Abdel-Fatah said that if tuition were not raised, the college would have to make adjustments.

“Cuts, in other words,” said a student from the crowd.

Program cuts have had an impact on some JSC students already, and Mina Ganguly-Kiefner objected to the idea of further cuts and also to the proposal of a tuition hike.  “I kind of feel like students are constantly getting punished for going to school and getting an education… I mean, I’m barely scraping by.”

She briefly described how her boyfriend’s job at Dibden is in jeopardy due to budget cuts and that may keep him from being able to return to JSC.  “There have already been so many budget cuts and I feel like as students who are going here …that pushing us even further than they already have is just punishing us for getting an education. I can’t do 3 percent.”

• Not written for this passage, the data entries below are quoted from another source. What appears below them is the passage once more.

(* Let $R$ be a ring with identity, $(S,\leq)$ a strictly ordered monoid which is quasitotally ordered, and $\omega:S\to\mathrm{End}(R)$ a monoid homomorphism. Assume $R$ is $S$-compatible and $(S,\omega)$-Armendariz, and let $A=R[[S,\omega]]$. (1) If $R$ is a generalized right Baer ring, then $A$ is a generalized right Baer ring. (2) If $R$ is a generalized right quasi-Baer ring, then $A$ is a generalized right quasi-Baer ring.
   Context: All rings are associative with identity. For a nonempty subset $X$ of a ring $R$, $r_R(X)=\{a\in R : xa=0 \text{ for all } x\in X\}$ is its right annihilator, and for a positive integer $n$, $X^n$ denotes the set of all products $a_1a_2\cdots a_n$ with $a_i\in X$ for $1\le i\le n$. A ring $R$ is generalized right Baer if for every nonempty subset $X$ of $R$ there exist a positive integer $n$ (depending on $X$) and an idempotent $e\in R$ with $r_R(X^n)=eR$. A ring $R$ is generalized right quasi-Baer if for every right ideal $I$ of $R$ there exist a positive integer $n$ (depending on $I$) and an idempotent $e\in R$ with $r_R(I^n)=eR$. An ordered monoid $(S,\leq)$ is a monoid with a partial order such that $u\le v$ implies $ut\le vt$ and $tu\le tv$ for all $t\in S$; it is strictly ordered if $u<v$ implies $ut<vt$ and $tu<tv$ for all $t\in S$. It is quasitotally ordered if $\leq$ can be refined to an order $\preceq$ with respect to which $S$ is a strictly totally ordered monoid. A subset of $S$ is artinian if every strictly decreasing sequence in it is finite, and narrow if every subset of pairwise incomparable elements is finite. Given a ring $R$, a strictly ordered monoid $(S,\le)$ and a monoid homomorphism $\omega:S\to\mathrm{End}(R)$, $s\mapsto\omega_s$, the ring of skew generalized power series $R[[S,\omega]]$ is the set of all maps $f:S\to R$ whose support $\mathrm{supp}(f)=\{s\in S: f(s)\neq 0\}$ is artinian and narrow, with pointwise addition and multiplication $(fg)(s)=\sum_{(u,v)\in X_s(f,g)} f(u)\,\omega_u(g(v))$, where $X_s(f,g)=\{(u,v)\in S\times S: uv=s,\ f(u)\ne0,\ g(v)\ne0\}$ (a finite set; an empty sum is $0$). An endomorphism $\sigma$ of $R$ is compatible if for all $a,b\in R$: $ab=0 \iff a\sigma(b)=0$. $R$ is $S$-compatible if $\omega_s$ is compatible for every $s\in S$. $R$ is $(S,\omega)$-Armendariz if whenever $f,g\in R[[S,\omega]]$ satisfy $fg=0$, then $f(s)\,\omega_s(g(t))=0$ for all $s,t\in S$. *)

From HB Require Import structures.
From mathcomp Require Import all_boot all_order all_algebra.
From mathcomp Require Import boolp classical_sets functions cardinality fsbigop.
Set Implicit Arguments. Unset Strict Implicit. Unset Printing Implicit Defensive.
Import Order.TTheory GRing.Theory.
Local Open Scope classical_set_scope.
Local Open Scope ring_scope.

(* Generic "ring" notions relative to a carrier set C : set T with           *)
(* operations add, opp, mul and zero (used both for R, with C = setT, and    *)
(* for A = R[[S,omega]], with C = the set of admissible series).             *)
Section GenericRing.
Variables (T : Type) (C : set T) (zero : T)
          (add : T -> T -> T) (opp : T -> T) (mul : T -> T -> T).

Definition rann (X : set T) : set T :=
  [set a | C a /\ forall x, X x -> mul x a = zero].

(* X^n (n >= 1) : all products a_1 a_2 ... a_n with a_i in X *)
Definition setpow (X : set T) (n : nat) : set T :=
  [set y | exists (a : T) (s : seq T),
      [/\ X a, (forall i, (i < size s)%N -> X (nth a s i)), (size s).+1 = n &
          y = foldl mul a s]].

Definition idempotent (e : T) : Prop := mul e e = e.

Definition lprinc (e : T) : set T := [set mul e a | a in C].

Definition right_ideal (I : set T) : Prop :=
  [/\ I `<=` C, I zero,
      (forall x y, I x -> I y -> I (add x y)),
      (forall x, I x -> I (opp x)) &
      (forall x r, I x -> C r -> I (mul x r))].

Definition gen_right_Baer : Prop :=
  forall X : set T, X `<=` C -> X !=set0 ->
    exists (n : nat) (e : T), [/\ (0 < n)%N, C e, idempotent e &
      rann (setpow X n) = lprinc e].

Definition gen_right_quasi_Baer : Prop :=
  forall I : set T, right_ideal I ->
    exists (n : nat) (e : T), [/\ (0 < n)%N, C e, idempotent e &
      rann (setpow I n) = lprinc e].
End GenericRing.

Definition ring_gen_right_Baer (R : pzRingType) : Prop :=
  gen_right_Baer [set: R] 0 (@GRing.mul R).
Definition ring_gen_right_quasi_Baer (R : pzRingType) : Prop :=
  gen_right_quasi_Baer [set: R] 0 (@GRing.add R) (@GRing.opp R) (@GRing.mul R).

Section OrderedMonoid.
Variables (S : Type) (op : S -> S -> S) (one : S).

Definition is_monoid : Prop :=
  [/\ (forall x y z, op x (op y z) = op (op x y) z),
      (forall x, op one x = x) & (forall x, op x one = x)].

Definition is_partial_order (le : S -> S -> Prop) : Prop :=
  [/\ (forall x, le x x),
      (forall x y, le x y -> le y x -> x = y) &
      (forall x y z, le x y -> le y z -> le x z)].

Definition lt_of (le : S -> S -> Prop) (u v : S) : Prop := le u v /\ u <> v.

Definition ordered_monoid (le : S -> S -> Prop) : Prop :=
  [/\ is_monoid, is_partial_order le &
      forall u v t, le u v -> le (op u t) (op v t) /\ le (op t u) (op t v)].

Definition strictly_ordered_monoid (le : S -> S -> Prop) : Prop :=
  ordered_monoid le /\
  forall u v t, lt_of le u v ->
    lt_of le (op u t) (op v t) /\ lt_of le (op t u) (op t v).

Definition total_rel (le : S -> S -> Prop) : Prop :=
  forall x y, le x y \/ le y x.

Definition quasitotally_ordered (le : S -> S -> Prop) : Prop :=
  exists le' : S -> S -> Prop,
    [/\ (forall u v, le u v -> le' u v), strictly_ordered_monoid le' &
        total_rel le'].

Definition artinian (le : S -> S -> Prop) (X : set S) : Prop :=
  ~ exists a : nat -> S, forall n, X (a n) /\ lt_of le (a n.+1) (a n).

Definition narrow (le : S -> S -> Prop) (X : set S) : Prop :=
  forall Y : set S, Y `<=` X ->
    (forall u v, Y u -> Y v -> u <> v -> ~ le u v /\ ~ le v u) ->
    finite_set Y.
End OrderedMonoid.

Section SkewSeries.
Variables (R : pzRingType) (S : choiceType) (op : S -> S -> S) (one : S)
          (le : S -> S -> Prop) (omega : S -> {rmorphism R -> R}).

Definition monoid_hom_End : Prop :=
  (forall a, omega one a = a) /\
  (forall s t a, omega (op s t) a = omega s (omega t a)).

Definition supp (f : S -> R) : set S := [set s | f s <> 0].

Definition skew_series : set (S -> R) :=
  [set f | artinian le (supp f) /\ narrow le (supp f)].

Definition Xs (f g : S -> R) (s : S) : set (S * S) :=
  [set p | op p.1 p.2 = s /\ f p.1 <> 0 /\ g p.2 <> 0].

Definition ss_zero : S -> R := fun _ => 0.
Definition ss_add (f g : S -> R) : S -> R := fun s => f s + g s.
Definition ss_opp (f : S -> R) : S -> R := fun s => - f s.
Definition ss_mul (f g : S -> R) : S -> R :=
  fun s => \sum_(p \in Xs f g s) (f p.1 * omega p.1 (g p.2)).

Definition compatible (sigma : R -> R) : Prop :=
  forall a b : R, a * b = 0 <-> a * sigma b = 0.
Definition S_compatible : Prop := forall s, compatible (omega s).

Definition S_omega_Armendariz : Prop :=
  forall f g, skew_series f -> skew_series g -> ss_mul f g = ss_zero ->
    forall s t, f s * omega s (g t) = 0.

Definition series_gen_right_Baer : Prop :=
  gen_right_Baer skew_series ss_zero ss_mul.
Definition series_gen_right_quasi_Baer : Prop :=
  gen_right_quasi_Baer skew_series ss_zero ss_add ss_opp ss_mul.
End SkewSeries.

From Pilot Require Import Defs.
From mathcomp Require Import all_boot all_order all_algebra.
From mathcomp Require Import boolp classical_sets functions cardinality fsbigop.
Set Implicit Arguments. Unset Strict Implicit. Unset Printing Implicit Defensive.
Import Order.TTheory GRing.Theory.
Local Open Scope classical_set_scope.
(* Let $M\in\mathrm{GL}(2,\mathbb{Z})$ with $\det(M)=-1$. If $M$ is reversible mod $n$ for infinitely many $n\in\mathbb{N}$, then $M^2=\mathbb{1}$.
   Context: $M$ is reversible mod $n$ if there exists $R\in\mathrm{GL}(2,\mathbb{Z}/n\mathbb{Z})$ with $RMR^{-1}\equiv M^{-1}\pmod n$. *)

From mathcomp Require Import all_boot all_algebra.
Set Implicit Arguments. Unset Strict Implicit. Unset Printing Implicit Defensive.
Import GRing.Theory.
Local Open Scope ring_scope.

(* Reduction mod n of an integer matrix, as a matrix over 'Z_n (meaningful for n >= 2). *)
Definition red_mx (n : nat) (M : 'M[int]_2) : 'M['Z_n]_2 :=
  map_mx (fun z : int => z%:~R) M.

(* M (with det M = +-1, so M^{-1} is an integer matrix) is reversible mod n:
   there is R in GL(2, Z/nZ) with R M R^{-1} = M^{-1} mod n.
   For n = 1, Z/1Z is the zero ring and every M is reversible; we also set
   n = 0 to True (irrelevant for "infinitely many n"). *)
Definition reversible_mod (n : nat) (M : 'M[int]_2) : Prop :=
  if (1 < n)%N then
    exists R : 'M['Z_n]_2,
      R \in unitmx /\ R *m red_mx n M *m invmx R = red_mx n (invmx M)
  else True.

From mathcomp Require Import all_boot all_algebra.
Import GRing.Theory Num.Theory.
Set Implicit Arguments. Unset Strict Implicit. Unset Printing Implicit Defensive.
Local Open Scope ring_scope.

(* Conjugation preserves the trace, so reversibility mod n gives
   tr M = tr M^-1 mod n.  For a 2x2 matrix with det M = -1, Cayley-Hamilton
   gives M^-1 = M - (tr M) 1, hence tr M^-1 = - tr M and n divides 2 tr M.
   As this holds for arbitrarily large n, tr M = 0, and Cayley-Hamilton
   again gives M^2 = (tr M) M - (det M) 1 = 1. *)

Lemma Cayley_Hamilton2 (R : comNzRingType) (A : 'M[R]_2) :
  A *m A = \tr A *: A - (\det A)%:M.
Proof.
have := Cayley_Hamilton A.
rewrite -[char_poly A]coefK size_char_poly poly_def rmorph_sum.
rewrite !big_ord_recr big_ord0 /= add0r !linearZ /= !rmorphXn /= horner_mx_X.
have lead1 : (char_poly A)`_2 = 1.
  by have /monicP := char_poly_monic A; rewrite lead_coefE size_char_poly.
rewrite lead1 char_poly_det (char_poly_trace A isT) /= expr0 expr1 expr2.
rewrite mulrNN !mul1r scale1r expr2 scaleNr -scalemx1 mulmxE => CH.
by apply/eqP; rewrite -subr_eq0 opprB addrA -addrA addrC CH.
Qed.

Lemma mxtrace_invmx2 (R : comUnitRingType) (A : 'M[R]_2) :
  A \in unitmx -> \det A * \tr (invmx A) = \tr A.
Proof.
move=> uA; have := congr1 (mulmx (invmx A)) (Cayley_Hamilton2 A).
rewrite mulKmx // mulmxBr -scalemxAr mulVmx // mul_mx_scalar.
move=> /(congr1 mxtrace); rewrite raddfB /= !mxtraceZ mxtrace1 => trA.
by apply: (addrI (\tr A)); rewrite {1}trA subrK mulr_natr mulr2n.
Qed.

Lemma mxtrace_conj (R : comUnitRingType) n (P A : 'M[R]_n) :
  P \in unitmx -> \tr (P *m A *m invmx P) = \tr A.
Proof. by move=> uP; rewrite mxtrace_mulC mulmxA mulVmx ?mul1mx. Qed.

Lemma intr_Zp_eq0 m (z : int) : (z%:~R == 0 :> 'Z_m.+2) = (m.+2 %| z)%Z.
Proof.
have nat_eq0 k : (k%:R == 0 :> 'Z_m.+2) = (m.+2 %| k)%N.
  by rewrite -(inj_eq val_inj) /= Zp_nat.
case: z => k; first exact: nat_eq0.
by rewrite NegzE mulrNz oppr_eq0 dvdzE abszN nat_eq0.
Qed.

Lemma reversible_mod_dvdz_mxtrace m (M : 'M[int]_2) :
  reversible_mod m.+2 M -> (m.+2 %| \tr M - \tr (invmx M))%Z.
Proof.
rewrite /reversible_mod /= => -[P [uP]]; rewrite /red_mx => conjP.
by rewrite -intr_Zp_eq0 intrB -!trace_map_mx -conjP mxtrace_conj // subrr.
Qed.

Lemma dvdz_unbounded_eq0 (z : int) :
  (forall N, exists2 n, (N < n)%N & (n %| z)%Z) -> z = 0.
Proof.
move=> dvd_z; have [n lt_zn] := dvd_z `|z|%N; rewrite dvdzE /= => n_dvd_z.
apply/eqP; rewrite -absz_eq0; apply/contraLR: lt_zn; rewrite -leqNgt -lt0n.
by move/dvdn_leq; apply.
Qed.

Theorem corollary4p12 (M : 'M[int]_2) :
  \det M = -1 ->
  (forall N : nat, exists n : nat, (N < n)%N /\ reversible_mod n M) ->
  M *m M = 1%:M.
Proof.
move=> detM revM.
have uM : M \in unitmx by rewrite unitmxE detM unitrN1.
have trMV : \tr (invmx M) = - \tr M.
  by rewrite -(mxtrace_invmx2 uM) detM mulN1r opprK.
have trM : \tr M = 0.
  suff /eqP : \tr M - \tr (invmx M) = 0.
    by rewrite trMV opprK -mulr2n mulrn_eq0 => /eqP.
  apply: dvdz_unbounded_eq0 => N.
  have [[|[|m]] [lt_Nn revMn]] // := revM N.+1.
  by exists m.+2; [exact: ltnW | exact: reversible_mod_dvdz_mxtrace].
by rewrite Cayley_Hamilton2 trM detM scale0r sub0r raddfN opprK.
Qed.
Theorem mainTheorem8 (R : realFieldType) (n : nat) (p : R)
  (hp0 : 0 < p) (hp1 : p <= 2^-1)
  (s : 'I_n)
  (hs : Wk p s / Vk p s < 1)
  (hsmin : forall k : 'I_n, (k < s)%N -> ~ (Wk p k / Vk p k < 1)) :
  forall tau : outcome n -> 'I_n, stopping_time tau ->
    Pr p (win tau) <= Pr p (win (thr_rule s)).
Proof.
move=> tau st; case: n s hs hsmin tau st => [|m] s; first by case: s.
move=> hs hsmin tau st; apply: le_trans (Pr_win_le_vopt hp0 hp1 st) _.
rewrite Pr_win_thr; rewrite ratio_lt1E // in hs.
have s_lt : (s < m.+1)%N := ltn_ord s.
have before := vopt_Wn_before hp0 hp1 hs.
have [s0 | s_pos] := eqVneq (nat_of_ord s) 0%N.
  by rewrite s0 subn0 before //; lia.
(* index s-1 fails the criterion: there stopping is no better than Wn *)
have prev_lt : (s.-1 < m.+1)%N by lia.
have prev_lt_s : (Ordinal prev_lt < s)%N by rewrite /=; lia.
have prev_fails := hsmin _ prev_lt_s; rewrite ratio_lt1E // /= in prev_fails.
have stop_le : (1 - p) ^+ (m.+1 - s) <= Wn p (m.+1 - s).
  by rewrite leNgt; apply/negP; have <- : (m.+1 - s.-1.+1 = m.+1 - s)%N by lia.
have vopt_at_s := before (m.+1 - s)%N ltac:(lia).
have := vopt_Wn_after hp0 hp1 stop_le vopt_at_s (m.+1 - (m.+1 - s)).
by rewrite subnKC ?leq_subr // => ->.
Qed.
(* Let $X$ be a metric space with an accumulation point. Then: (i) there is a sequence $x\in X^{[\omega]^2}$ with $\Lambda_x(\mathsf{r})\neq\Gamma_x(\mathsf{r})$; (ii) there is a sequence $x\in X^{[\omega]^2}$ such that $\Lambda_x(\mathsf{r})$ is not closed; (iii) if $X$ is locally compact, then for every $x\in X^{[\omega]^2}$ each isolated point of $\Gamma_x(\mathsf{r})$ belongs to $\Lambda_x(\mathsf{r})$. Similarly: (i$'$) there is a sequence $x\in X^{\omega}$ with $\Lambda_x(\mathrm{FS})\neq\Gamma_x(\mathrm{FS})$; (ii$'$) there is a sequence $x\in X^{\omega}$ such that $\Lambda_x(\mathrm{FS})$ is not closed; (iii$'$) if $X$ is locally compact, then for every $x\in X^{\omega}$ each isolated point of $\Gamma_x(\mathrm{FS})$ belongs to $\Lambda_x(\mathrm{FS})$.
   Context: $\omega$ is the set of nonnegative integers, $[D]^2$ the 2-element subsets of $D$, $[D]^\omega$ the infinite subsets. Let $\mathsf{r}:[\omega]^\omega\to[[\omega]^2]^\omega$, $\mathsf{r}(D)=[D]^2$, and $\mathrm{FS}:[\omega]^\omega\to[\omega]^\omega$, $\mathrm{FS}(D)=\{\sum_{n\in\alpha}n:\alpha\subseteq D\text{ finite nonempty}\}$. For $\rho\in\{\mathsf{r},\mathrm{FS}\}$ with domain $[\omega]^\omega$ and codomain consisting of infinite subsets of $\Psi$ (where $\Psi=[\omega]^2$ for $\mathsf{r}$, $\Psi=\omega$ for $\mathrm{FS}$), and a sequence $x:\Psi\to X$: $\Gamma_x(\rho)$ is the set of $\eta\in X$ such that for every neighborhood $U$ of $\eta$ there is an infinite $F\subseteq\omega$ with $\rho(F)\subseteq\{s\in\Psi:x_s\in U\}$; $\Lambda_x(\rho)$ is the set of $\eta\in X$ for which there is an infinite $F\subseteq\omega$ such that for every neighborhood $U$ of $\eta$ there is a finite $K\subseteq\omega$ with $x_s\in U$ for all $s\in\rho(F\setminus K)$. *)

From HB Require Import structures.
From mathcomp Require Import all_boot all_order all_algebra.
From mathcomp Require Import all_classical all_reals all_analysis.
Set Implicit Arguments. Unset Strict Implicit. Unset Printing Implicit Defensive.
Import Order.TTheory GRing.Theory Num.Theory.
Local Open Scope classical_set_scope.

(* [omega]^2 : 2-element subsets {m, n} of nat, represented as ordered pairs
   (m, n) with m < n (a bijective encoding). *)
Definition pair2 := {p : nat * nat | (p.1 < p.2)%N}.

Definition rr (D : set nat) : set pair2 :=
  [set s | D (val s).1 /\ D (val s).2].

Definition FS (D : set nat) : set nat :=
  [set m | exists s : seq nat,
      [/\ uniq s, s != [::], (forall i, i \in s -> D i) & m = (\sum_(i <- s) i)%N]].

Definition Gamma_set {Psi : Type} {X : topologicalType}
    (rho : set nat -> set Psi) (x : Psi -> X) : set X :=
  [set eta | forall U, nbhs eta U ->
     exists F : set nat, infinite_set F /\ rho F `<=` x @^-1` U].

Definition Lambda_set {Psi : Type} {X : topologicalType}
    (rho : set nat -> set Psi) (x : Psi -> X) : set X :=
  [set eta | exists F : set nat, infinite_set F /\
     forall U, nbhs eta U ->
       exists K : set nat, finite_set K /\ rho (F `\` K) `<=` x @^-1` U].

Definition isolated_point {X : topologicalType} (A : set X) (eta : X) : Prop :=
  A eta /\ exists U, nbhs eta U /\ U `&` A = [set eta].

From Stdlib Require Import PeanoNat.
From HB Require Import structures.
From mathcomp Require Import all_boot all_order all_algebra.
From mathcomp Require Import all_classical all_reals all_analysis.
From mathcomp Require Import finmap lra.
Set Implicit Arguments. Unset Strict Implicit. Unset Printing Implicit Defensive.
Import Order.TTheory GRing.Theory Num.Theory.
Local Open Scope classical_set_scope.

Other discussions were sparked by the fact that as a state college, it is supposed to be “substantially funded” by the state, as declared in 16 V.S.A. 2171. Also brought up was the bill S. 40 that is being pushed to get Vermont Legislature to return to 1980’s funding levels, which amounted to 51 percent of VSC’s revenues.

“I’d like to see the board of trustees and the chancellor focusing more on pressuring the state and getting students empowered enough to have a voice,” said JSC senior Liz Beatty-Owens, a politically active student.  Increasing tuition or whittling away at programs at the college, she said, is the easy way out.

Although none of the students said they were glad there may be an increase, some students said they were willing to make concessions. Ganguly-Kiefner said a 1 percent raise would be doable, and Beatty-Owens said she’d happily pay the 3 percent raise – if she knew for sure that the money would be going to ensure a livable wage for faculty and staff at JSC.

“We keep cutting full-time faculty members and replacing them with part-time who don’t get benefits and don’t make a livable wage,” she said. “The people we interact with most on this campus get the least amount of money.”